THE PROBLEM => Look below for the line containing "by field; rewrite !gt_eqF //; lra."; from there, print each line exactly up to and including the line containing "- h j (th n.+1", and stop.

(Dataset entries)

%%

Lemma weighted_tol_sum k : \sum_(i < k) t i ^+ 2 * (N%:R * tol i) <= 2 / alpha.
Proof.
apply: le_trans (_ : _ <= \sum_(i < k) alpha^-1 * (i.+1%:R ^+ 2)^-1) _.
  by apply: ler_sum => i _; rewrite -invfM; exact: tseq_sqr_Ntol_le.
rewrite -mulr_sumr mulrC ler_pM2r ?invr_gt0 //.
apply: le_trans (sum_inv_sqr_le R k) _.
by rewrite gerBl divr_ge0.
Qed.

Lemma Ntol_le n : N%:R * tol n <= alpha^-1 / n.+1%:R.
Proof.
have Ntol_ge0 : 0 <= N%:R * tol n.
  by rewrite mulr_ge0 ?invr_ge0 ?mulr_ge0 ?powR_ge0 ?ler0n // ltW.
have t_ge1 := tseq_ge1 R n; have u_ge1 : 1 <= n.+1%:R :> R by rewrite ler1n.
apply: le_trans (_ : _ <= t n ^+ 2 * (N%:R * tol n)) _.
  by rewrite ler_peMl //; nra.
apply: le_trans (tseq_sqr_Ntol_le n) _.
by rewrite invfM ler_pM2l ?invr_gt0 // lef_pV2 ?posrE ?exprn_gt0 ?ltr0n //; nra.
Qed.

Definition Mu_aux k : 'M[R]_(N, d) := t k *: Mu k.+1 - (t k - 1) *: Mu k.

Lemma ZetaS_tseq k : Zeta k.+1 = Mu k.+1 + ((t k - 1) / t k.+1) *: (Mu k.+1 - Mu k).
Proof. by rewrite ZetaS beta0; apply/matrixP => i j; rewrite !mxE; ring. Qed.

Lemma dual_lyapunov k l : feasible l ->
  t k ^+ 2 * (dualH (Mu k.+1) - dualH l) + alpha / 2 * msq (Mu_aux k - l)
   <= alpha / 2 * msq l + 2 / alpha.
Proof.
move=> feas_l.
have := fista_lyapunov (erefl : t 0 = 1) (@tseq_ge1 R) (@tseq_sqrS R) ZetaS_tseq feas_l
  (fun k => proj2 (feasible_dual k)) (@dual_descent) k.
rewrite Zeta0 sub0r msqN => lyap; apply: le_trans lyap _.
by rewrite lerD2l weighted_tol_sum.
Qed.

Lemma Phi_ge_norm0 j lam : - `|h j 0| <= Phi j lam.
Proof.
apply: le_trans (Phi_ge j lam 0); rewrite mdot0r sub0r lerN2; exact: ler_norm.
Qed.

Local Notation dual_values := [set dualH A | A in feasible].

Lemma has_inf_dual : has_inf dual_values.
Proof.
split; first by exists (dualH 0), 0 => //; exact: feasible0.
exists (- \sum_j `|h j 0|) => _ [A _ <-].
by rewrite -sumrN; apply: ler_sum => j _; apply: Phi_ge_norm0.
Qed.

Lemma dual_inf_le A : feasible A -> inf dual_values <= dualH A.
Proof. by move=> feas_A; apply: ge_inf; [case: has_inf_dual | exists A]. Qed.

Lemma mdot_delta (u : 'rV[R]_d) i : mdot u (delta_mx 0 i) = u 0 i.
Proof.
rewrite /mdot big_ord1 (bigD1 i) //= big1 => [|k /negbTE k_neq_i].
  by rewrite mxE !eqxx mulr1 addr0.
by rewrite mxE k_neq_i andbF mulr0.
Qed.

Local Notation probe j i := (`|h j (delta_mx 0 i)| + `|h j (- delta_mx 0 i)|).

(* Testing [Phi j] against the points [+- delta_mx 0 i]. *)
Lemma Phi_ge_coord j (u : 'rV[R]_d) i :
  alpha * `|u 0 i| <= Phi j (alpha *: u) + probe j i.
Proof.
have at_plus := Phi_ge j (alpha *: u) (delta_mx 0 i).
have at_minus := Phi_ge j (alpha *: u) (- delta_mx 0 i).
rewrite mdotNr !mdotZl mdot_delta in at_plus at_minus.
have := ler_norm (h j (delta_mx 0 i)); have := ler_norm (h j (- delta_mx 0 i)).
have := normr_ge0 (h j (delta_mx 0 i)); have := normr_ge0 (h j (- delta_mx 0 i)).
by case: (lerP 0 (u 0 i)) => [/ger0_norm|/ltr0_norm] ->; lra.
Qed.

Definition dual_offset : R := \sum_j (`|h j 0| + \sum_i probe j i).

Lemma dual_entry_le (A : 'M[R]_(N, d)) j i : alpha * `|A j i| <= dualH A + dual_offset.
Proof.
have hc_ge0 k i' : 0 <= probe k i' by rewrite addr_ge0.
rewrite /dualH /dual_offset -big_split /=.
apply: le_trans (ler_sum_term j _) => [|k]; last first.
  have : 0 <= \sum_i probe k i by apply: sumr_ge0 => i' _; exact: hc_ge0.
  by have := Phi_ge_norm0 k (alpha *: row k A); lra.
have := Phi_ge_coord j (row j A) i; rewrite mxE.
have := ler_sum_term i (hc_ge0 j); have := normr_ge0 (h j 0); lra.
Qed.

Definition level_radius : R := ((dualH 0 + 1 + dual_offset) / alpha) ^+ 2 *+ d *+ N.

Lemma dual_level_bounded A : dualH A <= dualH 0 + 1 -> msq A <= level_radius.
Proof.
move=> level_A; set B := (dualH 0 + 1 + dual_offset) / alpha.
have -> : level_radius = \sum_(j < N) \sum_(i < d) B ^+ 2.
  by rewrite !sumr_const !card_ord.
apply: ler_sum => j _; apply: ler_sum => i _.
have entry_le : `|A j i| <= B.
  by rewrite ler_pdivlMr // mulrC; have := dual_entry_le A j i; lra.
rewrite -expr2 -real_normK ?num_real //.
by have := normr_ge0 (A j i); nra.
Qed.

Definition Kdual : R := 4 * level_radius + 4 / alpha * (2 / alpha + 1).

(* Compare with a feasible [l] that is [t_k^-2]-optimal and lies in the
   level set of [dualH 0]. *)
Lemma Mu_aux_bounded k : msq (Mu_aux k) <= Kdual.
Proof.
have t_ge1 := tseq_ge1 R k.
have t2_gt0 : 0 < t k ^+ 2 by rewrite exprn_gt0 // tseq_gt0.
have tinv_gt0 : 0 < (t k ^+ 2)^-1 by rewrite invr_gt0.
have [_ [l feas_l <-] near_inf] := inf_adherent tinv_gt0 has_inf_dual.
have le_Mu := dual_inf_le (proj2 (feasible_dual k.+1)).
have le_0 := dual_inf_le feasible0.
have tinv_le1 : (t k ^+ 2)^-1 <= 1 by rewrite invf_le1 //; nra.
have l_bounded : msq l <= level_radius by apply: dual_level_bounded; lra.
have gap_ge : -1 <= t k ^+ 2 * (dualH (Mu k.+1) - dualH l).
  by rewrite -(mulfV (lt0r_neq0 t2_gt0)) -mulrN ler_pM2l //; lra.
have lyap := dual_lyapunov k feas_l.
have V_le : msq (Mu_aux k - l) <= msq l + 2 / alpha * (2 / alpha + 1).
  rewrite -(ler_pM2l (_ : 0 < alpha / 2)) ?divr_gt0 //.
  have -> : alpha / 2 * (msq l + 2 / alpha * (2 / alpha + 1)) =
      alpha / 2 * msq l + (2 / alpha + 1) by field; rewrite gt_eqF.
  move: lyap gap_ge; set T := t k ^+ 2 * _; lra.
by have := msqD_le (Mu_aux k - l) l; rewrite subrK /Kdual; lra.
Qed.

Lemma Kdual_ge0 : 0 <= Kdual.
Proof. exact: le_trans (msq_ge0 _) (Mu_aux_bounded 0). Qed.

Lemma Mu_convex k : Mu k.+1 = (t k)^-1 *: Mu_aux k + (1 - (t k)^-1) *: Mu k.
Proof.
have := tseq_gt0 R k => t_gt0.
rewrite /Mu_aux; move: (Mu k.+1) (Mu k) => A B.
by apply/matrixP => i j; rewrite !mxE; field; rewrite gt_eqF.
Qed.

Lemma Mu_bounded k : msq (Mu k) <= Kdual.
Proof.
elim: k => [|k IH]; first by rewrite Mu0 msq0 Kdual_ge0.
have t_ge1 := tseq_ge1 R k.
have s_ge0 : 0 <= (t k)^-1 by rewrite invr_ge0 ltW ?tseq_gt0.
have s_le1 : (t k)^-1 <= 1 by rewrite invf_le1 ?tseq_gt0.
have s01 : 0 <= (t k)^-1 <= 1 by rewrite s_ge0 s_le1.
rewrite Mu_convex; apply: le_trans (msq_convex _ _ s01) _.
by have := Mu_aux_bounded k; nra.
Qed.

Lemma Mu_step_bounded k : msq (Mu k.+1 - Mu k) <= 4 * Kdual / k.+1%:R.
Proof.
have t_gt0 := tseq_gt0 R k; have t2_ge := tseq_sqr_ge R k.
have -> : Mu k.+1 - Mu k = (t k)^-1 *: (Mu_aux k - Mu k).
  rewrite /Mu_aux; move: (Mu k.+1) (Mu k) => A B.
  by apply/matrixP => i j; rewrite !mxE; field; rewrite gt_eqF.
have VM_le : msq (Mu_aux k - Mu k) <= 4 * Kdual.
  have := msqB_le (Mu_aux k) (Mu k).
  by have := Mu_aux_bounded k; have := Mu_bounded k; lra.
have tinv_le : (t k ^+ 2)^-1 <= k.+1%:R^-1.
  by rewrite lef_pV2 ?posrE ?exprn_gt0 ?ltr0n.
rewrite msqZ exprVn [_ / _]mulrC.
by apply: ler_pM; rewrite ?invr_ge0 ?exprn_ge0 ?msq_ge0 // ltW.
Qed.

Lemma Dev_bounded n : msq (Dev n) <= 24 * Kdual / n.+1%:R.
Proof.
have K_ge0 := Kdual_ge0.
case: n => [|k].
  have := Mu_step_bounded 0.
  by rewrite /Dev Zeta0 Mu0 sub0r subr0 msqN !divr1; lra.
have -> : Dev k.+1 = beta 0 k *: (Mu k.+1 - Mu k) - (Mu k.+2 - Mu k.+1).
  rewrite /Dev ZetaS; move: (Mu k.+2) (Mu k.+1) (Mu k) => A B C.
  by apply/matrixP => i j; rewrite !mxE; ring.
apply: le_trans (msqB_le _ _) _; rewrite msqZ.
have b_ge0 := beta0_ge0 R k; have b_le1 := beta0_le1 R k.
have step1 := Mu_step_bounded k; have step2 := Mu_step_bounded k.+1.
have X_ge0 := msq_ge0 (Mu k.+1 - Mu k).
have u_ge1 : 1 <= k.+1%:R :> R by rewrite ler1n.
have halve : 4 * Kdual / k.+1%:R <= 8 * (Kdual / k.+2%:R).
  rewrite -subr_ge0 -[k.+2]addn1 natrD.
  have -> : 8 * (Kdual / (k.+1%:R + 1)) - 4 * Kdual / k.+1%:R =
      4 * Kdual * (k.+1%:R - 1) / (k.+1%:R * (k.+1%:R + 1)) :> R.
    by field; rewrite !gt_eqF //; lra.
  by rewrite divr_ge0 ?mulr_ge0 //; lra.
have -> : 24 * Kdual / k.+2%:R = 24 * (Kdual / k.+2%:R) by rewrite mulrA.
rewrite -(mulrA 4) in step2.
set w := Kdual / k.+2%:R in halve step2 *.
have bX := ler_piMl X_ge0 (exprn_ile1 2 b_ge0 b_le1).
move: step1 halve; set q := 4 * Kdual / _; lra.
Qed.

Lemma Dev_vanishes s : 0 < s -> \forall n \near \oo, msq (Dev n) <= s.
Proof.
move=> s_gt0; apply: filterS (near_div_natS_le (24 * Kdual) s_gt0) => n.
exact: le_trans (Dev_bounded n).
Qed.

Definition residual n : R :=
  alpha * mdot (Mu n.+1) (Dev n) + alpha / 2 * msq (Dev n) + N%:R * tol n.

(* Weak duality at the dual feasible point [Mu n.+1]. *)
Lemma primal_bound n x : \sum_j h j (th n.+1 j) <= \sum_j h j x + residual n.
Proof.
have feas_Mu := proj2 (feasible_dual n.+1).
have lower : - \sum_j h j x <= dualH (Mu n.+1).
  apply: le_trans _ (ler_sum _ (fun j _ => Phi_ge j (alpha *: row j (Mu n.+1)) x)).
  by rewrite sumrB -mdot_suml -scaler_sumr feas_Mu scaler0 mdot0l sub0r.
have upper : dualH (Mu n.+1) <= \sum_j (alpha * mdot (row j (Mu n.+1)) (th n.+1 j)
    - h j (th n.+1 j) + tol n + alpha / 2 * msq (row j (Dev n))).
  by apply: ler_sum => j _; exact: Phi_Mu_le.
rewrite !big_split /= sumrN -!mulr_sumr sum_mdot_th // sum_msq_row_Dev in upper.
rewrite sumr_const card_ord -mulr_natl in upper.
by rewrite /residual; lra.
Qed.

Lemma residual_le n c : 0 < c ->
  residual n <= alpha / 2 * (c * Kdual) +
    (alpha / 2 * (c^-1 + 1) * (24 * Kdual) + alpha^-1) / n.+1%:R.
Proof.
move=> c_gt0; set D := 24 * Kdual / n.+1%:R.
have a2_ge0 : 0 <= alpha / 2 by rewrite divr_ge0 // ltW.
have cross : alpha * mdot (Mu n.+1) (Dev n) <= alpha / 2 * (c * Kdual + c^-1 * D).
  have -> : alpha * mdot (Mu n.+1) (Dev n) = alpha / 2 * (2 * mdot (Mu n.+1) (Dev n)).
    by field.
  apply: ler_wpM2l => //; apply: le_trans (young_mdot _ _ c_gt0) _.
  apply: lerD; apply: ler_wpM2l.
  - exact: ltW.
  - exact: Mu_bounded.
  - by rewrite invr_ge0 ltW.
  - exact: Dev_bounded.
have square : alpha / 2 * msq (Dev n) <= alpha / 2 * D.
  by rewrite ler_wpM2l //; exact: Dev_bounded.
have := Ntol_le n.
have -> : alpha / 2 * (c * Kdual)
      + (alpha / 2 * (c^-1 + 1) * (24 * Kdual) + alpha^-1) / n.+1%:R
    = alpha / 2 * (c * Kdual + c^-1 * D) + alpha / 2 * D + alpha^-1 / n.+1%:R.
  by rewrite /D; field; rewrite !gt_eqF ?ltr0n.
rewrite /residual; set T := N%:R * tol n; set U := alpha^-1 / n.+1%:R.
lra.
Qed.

%%

THE ANSWER =>
    by field; rewrite !gt_eqF //; lra.
  by rewrite divr_ge0 ?mulr_ge0 //; lra.
have -> : 24 * Kdual / k.+2%:R = 24 * (Kdual / k.+2%:R) by rewrite mulrA.
rewrite -(mulrA 4) in step2.
set w := Kdual / k.+2%:R in halve step2 *.
have bX := ler_piMl X_ge0 (exprn_ile1 2 b_ge0 b_le1).
move: step1 halve; set q := 4 * Kdual / _; lra.
Qed.

Lemma Dev_vanishes s : 0 < s -> \forall n \near \oo, msq (Dev n) <= s.
Proof.
move=> s_gt0; apply: filterS (near_div_natS_le (24 * Kdual) s_gt0) => n.
exact: le_trans (Dev_bounded n).
Qed.

Definition residual n : R :=
  alpha * mdot (Mu n.+1) (Dev n) + alpha / 2 * msq (Dev n) + N%:R * tol n.

(* Weak duality at the dual feasible point [Mu n.+1]. *)
Lemma primal_bound n x : \sum_j h j (th n.+1 j) <= \sum_j h j x + residual n.
Proof.
have feas_Mu := proj2 (feasible_dual n.+1).
have lower : - \sum_j h j x <= dualH (Mu n.+1).
  apply: le_trans _ (ler_sum _ (fun j _ => Phi_ge j (alpha *: row j (Mu n.+1)) x)).
  by rewrite sumrB -mdot_suml -scaler_sumr feas_Mu scaler0 mdot0l sub0r.
have upper : dualH (Mu n.+1) <= \sum_j (alpha * mdot (row j (Mu n.+1)) (th n.+1 j)
    - h j (th n.+1 j) + tol n + alpha / 2 * msq (row j (Dev n))).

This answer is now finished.